Markov Decision Processes

A Markov Decision Process (MDP) is the formal mathematical framework for sequential decision-making under uncertainty. It provides the foundation for virtually all of reinforcement learning theory.

Formal Definition

An MDP is a tuple $(\mathcal{S}, \mathcal{A}, P, R, \gamma)$:

$\mathcal{S}$: state space (finite, countably infinite, or continuous).
$\mathcal{A}$: action space.
$P: \mathcal{S} \times \mathcal{A} \times \mathcal{S} \to [0,1]$: transition probability function. $P(s’ \mid s,a)$ is the probability of reaching $s’$ from $s$ via action $a$.
$R: \mathcal{S} \times \mathcal{A} \to \mathbb{R}$: reward function. $R(s,a)$ is the expected immediate reward.
$\gamma \in [0,1)$: discount factor.

Markov property: $P(s_{t+1} \mid s_t, a_t, s_{t-1}, a_{t-1}, \ldots) = P(s_{t+1} \mid s_t, a_t)$. The future is independent of the past given the present state.

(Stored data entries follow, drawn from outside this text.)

Lemma interp_sound a b : EQ a b -> interp a = interp b.
Proof.
  induction 1; auto; try congruence.
  - destruct (E_in_U _ _ H) as [Ht [Hu [Hdt Hdu]]].
    rewrite !interp_in_base by (apply in_base; auto); apply interp_base_eqd, eqd_ax, H.
  - rewrite !interp_pair; congruence.
  - destruct (eqd_constructible _ _ H) as [C0 C1], (eqd_constructible _ _ H0) as [C2 C3].
    assert (Hdy : forall a k, constructible a -> constructible k ->
                  In (Enc a k) base -> DY a /\ DY k).
    { intros a k Ca Ck Hin; apply in_base in Hin; destruct Hin as [HU _].
      destruct (U_wf _ HU) as [Wa Kk]; split; apply constructible_dy; auto using key_wf. }
    rewrite !interp_enc by auto; congruence.
  - rewrite !interp_pair in IHeqd; congruence.
  - rewrite !interp_pair in IHeqd; congruence.
  - rewrite !interp_enc in IHeqd by auto; congruence.
  - rewrite !interp_enc in IHeqd by auto; congruence.
Qed.

Lemma dy_not_base a : DY a -> ~ In a base ->
  (exists a0 a1, a = Pair a0 a1 /\ DY a0 /\ DY a1) \/
  (exists a0 a1, a = Enc a0 a1 /\ DY a0 /\ DY a1) \/ is_atom a = true.
Proof.
  intros Hd Hn; destruct (dy_locality _ _ Hd) as [Hl|[Hl|Hl]]; auto.
  apply in_flat_map in Hl; destruct Hl as [s [Hs Hst]].
  destruct (T_in_U _ Hs) as [HU|Ha].
  - exfalso; apply Hn, in_base; eauto.
  - rewrite st_atom in Hst by auto; destruct Hst as [<-|[]]; auto.
Qed.

Lemma interp_vleaf_inv c t : interp c = vleaf t -> c = t.
Proof.
  destruct (in_dec term_eq_dec c base) as [Hin|Hn].
  - rewrite interp_in_base by auto.
    destruct (interp_base_cases c) as [[? [? [-> _]]]|[[? [? [-> _]]]|[-> _]]]; discriminate.
  - rewrite interp_not_base by auto; destruct c; congruence.
Qed.

Lemma interp_vatom_inv c t : interp c = vatom t -> EQ c t.
Proof.
  destruct (in_dec term_eq_dec c base) as [Hin|Hn].
  - rewrite interp_in_base by auto.
    destruct (interp_base_cases c) as [[? [? [-> _]]]|[[? [? [-> _]]]|[-> _]]]; try discriminate.
    injection 1; intros <-; apply class_rep_spec, Hin.
  - rewrite interp_not_base by auto; destruct c; discriminate.
Qed.

Lemma interp_vpair_inv a v0 v1 : DY a -> interp a = vpair v0 v1 ->
  exists a0 a1, DY a0 /\ DY a1 /\ EQ a (Pair a0 a1) /\ interp a0 = v0 /\ interp a1 = v1.
Proof.
  intros Hd Hv; destruct (in_dec term_eq_dec a base) as [Hin|Hn].
  - rewrite interp_in_base in Hv by auto.
    destruct (interp_base_cases a) as [[c0 [c1 [He [H0 [H1 Hq]]]]]|[[? [? [He _]]]|[He _]]];
      rewrite He in Hv; try discriminate.
    injection Hv; intros <- <-; exists c0, c1; rewrite !interp_in_base by auto.
    repeat split; auto; apply in_base; auto.
  - destruct (dy_not_base _ Hd Hn) as [[a0 [a1 [-> [H0 H1]]]]|[[a0 [a1 [-> [H0 H1]]]]|Ha]].
    + rewrite interp_pair in Hv; injection Hv; intros <- <-.
      exists a0, a1; repeat split; auto; apply eqd_eq, Hd.
    + rewrite interp_enc in Hv by auto; discriminate.
    + rewrite interp_not_base in Hv by auto; destruct a; discriminate.
Qed.

Lemma interp_venc_inv a v0 v1 : DY a -> interp a = venc v0 v1 ->
  exists a0 a1, DY a0 /\ DY a1 /\ EQ a (Enc a0 a1) /\ interp a0 = v0 /\ interp a1 = v1.
Proof.
  intros Hd Hv; destruct (in_dec term_eq_dec a base) as [Hin|Hn].
  - rewrite interp_in_base in Hv by auto.
    destruct (interp_base_cases a) as [[? [? [He _]]]|[[c0 [c1 [He [H0 [H1 Hq]]]]]|[He _]]];
      rewrite He in Hv; try discriminate.
    injection Hv; intros <- <-; exists c0, c1; rewrite !interp_in_base by auto.
    repeat split; auto; apply in_base; auto.
  - destruct (dy_not_base _ Hd Hn) as [[a0 [a1 [-> [H0 H1]]]]|[[a0 [a1 [-> [H0 H1]]]]|Ha]].
    + rewrite interp_pair in Hv; discriminate.
    + rewrite interp_enc in Hv by auto; injection Hv; intros <- <-.
      exists a0, a1; repeat split; auto; apply eqd_eq, Hd.
    + rewrite interp_not_base in Hv by auto; destruct a; discriminate.
Qed.

Lemma interp_faithful a b : DY a -> DY b -> interp a = interp b -> EQ a b.
Proof.
  remember (interp a) as v eqn:Hva; symmetry in Hva; intros Ha Hb Hvb; symmetry in Hvb.
  revert a b Ha Hb Hva Hvb.
  induction v as [t|t|v0 IH0 v1 IH1|v0 IH0 v1 IH1]; intros a b Ha Hb Hva Hvb.
  - apply interp_vleaf_inv in Hva, Hvb; subst; apply eqd_eq, Hb.
  - apply interp_vatom_inv in Hva, Hvb; eapply eqd_trans; eauto using eqd_sym.
  - destruct (interp_vpair_inv _ _ _ Ha Hva) as [a0 [a1 [Ha0 [Ha1 [Hqa [E0 E1]]]]]].
    destruct (interp_vpair_inv _ _ _ Hb Hvb) as [b0 [b1 [Hb0 [Hb1 [Hqb [F0 F1]]]]]].
    eapply eqd_trans; [exact Hqa|]; eapply eqd_trans; [|apply eqd_sym; exact Hqb].
    apply eqd_cons_pair; [apply IH0|apply IH1]; congruence.
  - destruct (interp_venc_inv _ _ _ Ha Hva) as [a0 [a1 [Ha0 [Ha1 [Hqa [E0 E1]]]]]].
    destruct (interp_venc_inv _ _ _ Hb Hvb) as [b0 [b1 [Hb0 [Hb1 [Hqb [F0 F1]]]]]].
    eapply eqd_trans; [exact Hqa|]; eapply eqd_trans; [|apply eqd_sym; exact Hqb].
    apply eqd_cons_enc; [apply IH0|apply IH1]; congruence.
Qed.
Lemma separated_diag_poly j k (a b : vpt X) : cdom j a -> cdom k b -> a <> b ->
  exists2 s : {mpoly C[cdim j + cdim k]},
    s.@[pairpt (cmap j a) (cmap k b)] != 0 &
    forall x, cdom j x -> cdom k x -> s.@[pairpt (cmap j x) (cmap k x)] = 0.
Proof.
move=> dja dkb neq_ab; have [A [[S AS] AE]] := csep j k.
have onV x y : cdom j x -> cdom k y ->
    zero_set (ceqs j) (fun c => pairpt (cmap j x) (cmap k y) (lshift (cdim k) c)) /\
    zero_set (ceqs k) (fun c => pairpt (cmap j x) (cmap k y) (rshift (cdim j) c)).
  by move=> djx dky; rewrite pairpt_lshift pairpt_rshift; split; apply: cmap_zero_set.
have nAab : ~ A (pairpt (cmap j a) (cmap k b)).
  move=> /(conj (onV _ _ dja dkb)) /AE [y [[djy dky] eab]]; apply: neq_ab.
  have ej : cmap j y = cmap j a.
    by move/(congr1 (fun w c => w (lshift _ c))): eab; rewrite !pairpt_lshift.
  have ek : cmap k y = cmap k b.
    by move/(congr1 (fun w c => w (rshift _ c))): eab; rewrite !pairpt_rshift.
  by rewrite -(cinj _ _ _ djy dja ej) (cinj _ _ _ dky dkb ek).
have [s Ss sab] : exists2 s, S s & s.@[pairpt (cmap j a) (cmap k b)] != 0.
  apply: NNPP => ns; apply: nAab; apply/AS => s Ss; apply: NNPP => sab.
  by apply: ns; exists s => //; apply/eqP.
exists s => // x djx dkx; apply: ((AS _).1 _ s Ss).
by apply: ((AE _).1 _).2; exists x.
Qed.

Lemma vclosed_equalizer (f g : vpt X -> vpt X) :
  vmorphism f -> vmorphism g -> vclosed (fun x => f x = g x).
Proof.
move=> hf hg; apply: vclosed_local => i x0 di neq_fg.
have [j dj] := ccover (f x0); have [k dk] := ccover (g x0).
have [s sx0 s_diag] := separated_diag_poly dj dk neq_fg.
have [tf [rf ef]] := hf.2 i j; have [tg [rg eg]] := hg.2 i k.
pose O := img (cmap i) (fun x => [/\ cdom i x, cdom j (f x) & cdom k (g x)]).
have rF : regular_fun O (fun v => s.@[pairpt (tf v) (tg v)]).
  apply: regular_fun_meval => l; rewrite /pairpt; case: (split l) => [a|b].
    by apply: regular_fun_sub (rf a) => v [x [[d d1 _] <-]]; exists x.
  by apply: regular_fun_sub (rg b) => v [x [[d _ d2] <-]]; exists x.
have Ox0 : O (cmap i x0) by exists x0.
have [|N1 [zN1 N1x HN1]] := regular_fun_neq0_nbhd rF Ox0; first by rewrite ef // eg.
have [N2 [zN2 N2x HN2]] := vmorphism_cdom_nbhd hf di dj.
have [N3 [zN3 N3x HN3]] := vmorphism_cdom_nbhd hg di dk.
exists (fun v => N1 v /\ N2 v /\ N3 v); split=> //; first by apply: zopenI => //; apply: zopenI.
move=> x dx [n1 [n2 n3]] efg.
have fj := HN2 x dx n2; have gk := HN3 x dx n3.
have := HN1 _ n1 (ex_intro _ x (conj (And3 dx fj gk) erefl)).
by rewrite ef // eg // -efg s_diag ?eqxx // efg.
Qed.

End ClosedSubsets.

Section TwistedFixedLocus.
Variables (X : variety) (W Z : finGroupType).
Variables (actW : W -> vpt X -> vpt X) (actZ : Z -> vpt X -> vpt X) (z : Z).
Hypothesis actW1 : forall x, actW 1%g x = x.
Hypothesis actWM : forall a b x, actW (a * b)%g x = actW a (actW b x).
Hypothesis actW_comm : forall w x, actW w (actZ z x) = actZ z (actW w x).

Finite vs. Infinite Horizon

Finite horizon: the episode terminates after exactly $T$ steps. Return is $G_t = \sum_{k=0}^{T-t-1} r_{t+k}$ (undiscounted or discounted).

Infinite horizon with discount: $G_t = \sum_{k=0}^{\infty} \gamma^k r_{t+k}$. Discounting ensures $G_t$ is bounded as long as rewards are bounded.

Episodic MDP: finite horizon with a terminal state. After reaching the terminal state, the environment resets. Atari games, board games.

Continuing MDP: no terminal state; the agent interacts indefinitely. Average reward criterion may be used instead of discounted sum.

Policies

A policy $\pi$ specifies the agent’s behavior.

Stochastic policy: $\pi(a \mid s) = P(A_t = a \mid S_t = s)$. The probability of taking action $a$ in state $s$.

Deterministic policy: $\pi: \mathcal{S} \to \mathcal{A}$.

Stationary policy: does not depend on time $t$. For infinite-horizon discounted MDPs, the optimal policy is always stationary.

Markov policy: depends only on the current state (not on history). Sufficient for MDPs.

Return and Value Functions

Return from step $t$:

\[G_t = r_t + \gamma r_{t+1} + \gamma^2 r_{t+2} + \cdots = r_t + \gamma G_{t+1}\]

State value function under policy $\pi$:

\[V^\pi(s) = \mathbb{E}_\pi[G_t | S_t = s]\]

Action value (Q) function under policy $\pi$:

\[Q^\pi(s, a) = \mathbb{E}_\pi[G_t | S_t = s, A_t = a]\]

Relationship: $V^\pi(s) = \sum_a \pi(a \mid s) Q^\pi(s,a)$

Partially Observable MDPs (POMDPs)

When the agent cannot directly observe the full state, the process is a POMDP:

$(\mathcal{S}, \mathcal{A}, \mathcal{O}, P, R, Z, \gamma)$

where $\mathcal{O}$ is the observation space and $Z(o \mid s’,a)$ is the observation emission probability.

The agent maintains a belief state $b(s) = P(S_t = s \mid o_1, a_1, \ldots, o_t)$, updated by Bayes’ rule after each observation.

Exact POMDP solution is PSPACE-hard. Practical approaches:

Maintain a history of observations as a proxy for the belief state.
Use a recurrent neural network to maintain an implicit belief state.
Frame-stacking (Atari DQN): input the last 4 frames to provide temporal context.

Reward Design

The reward function fully specifies the agent’s objective. Poor design leads to reward hacking.

Sparse rewards: reward only at goal achievement. Hard to learn with; requires efficient exploration.

Dense rewards: shaped rewards at intermediate steps. Easier to learn; may misalign with the true objective.

Reward shaping: add a potential-based shaping term $F(s,a,s’) = \gamma \Phi(s’) - \Phi(s)$ without changing the optimal policy (potential-based shaping theorem).

Inverse RL: infer the reward function from expert demonstrations. Applicable when specifying rewards is difficult.

Absorbing States and Termination

Terminal (absorbing) state $s_\text{term}$: $P(s_\text{term} \mid s_\text{term}, a) = 1$ for all $a$; $R(s_\text{term}, a) = 0$.

Once reached, the episode ends. Modeling termination as an absorbing state with zero reward preserves the standard MDP framework.

Finite MDP Example: Grid World

A grid of cells. States: cell positions. Actions: up, down, left, right.

Moving into a wall: stay in place.
Terminal states: goal (reward +1), pit (reward -1).
All other transitions: reward -0.01 (step cost to encourage efficiency).

This is fully specified as a finite MDP and can be solved exactly with dynamic programming.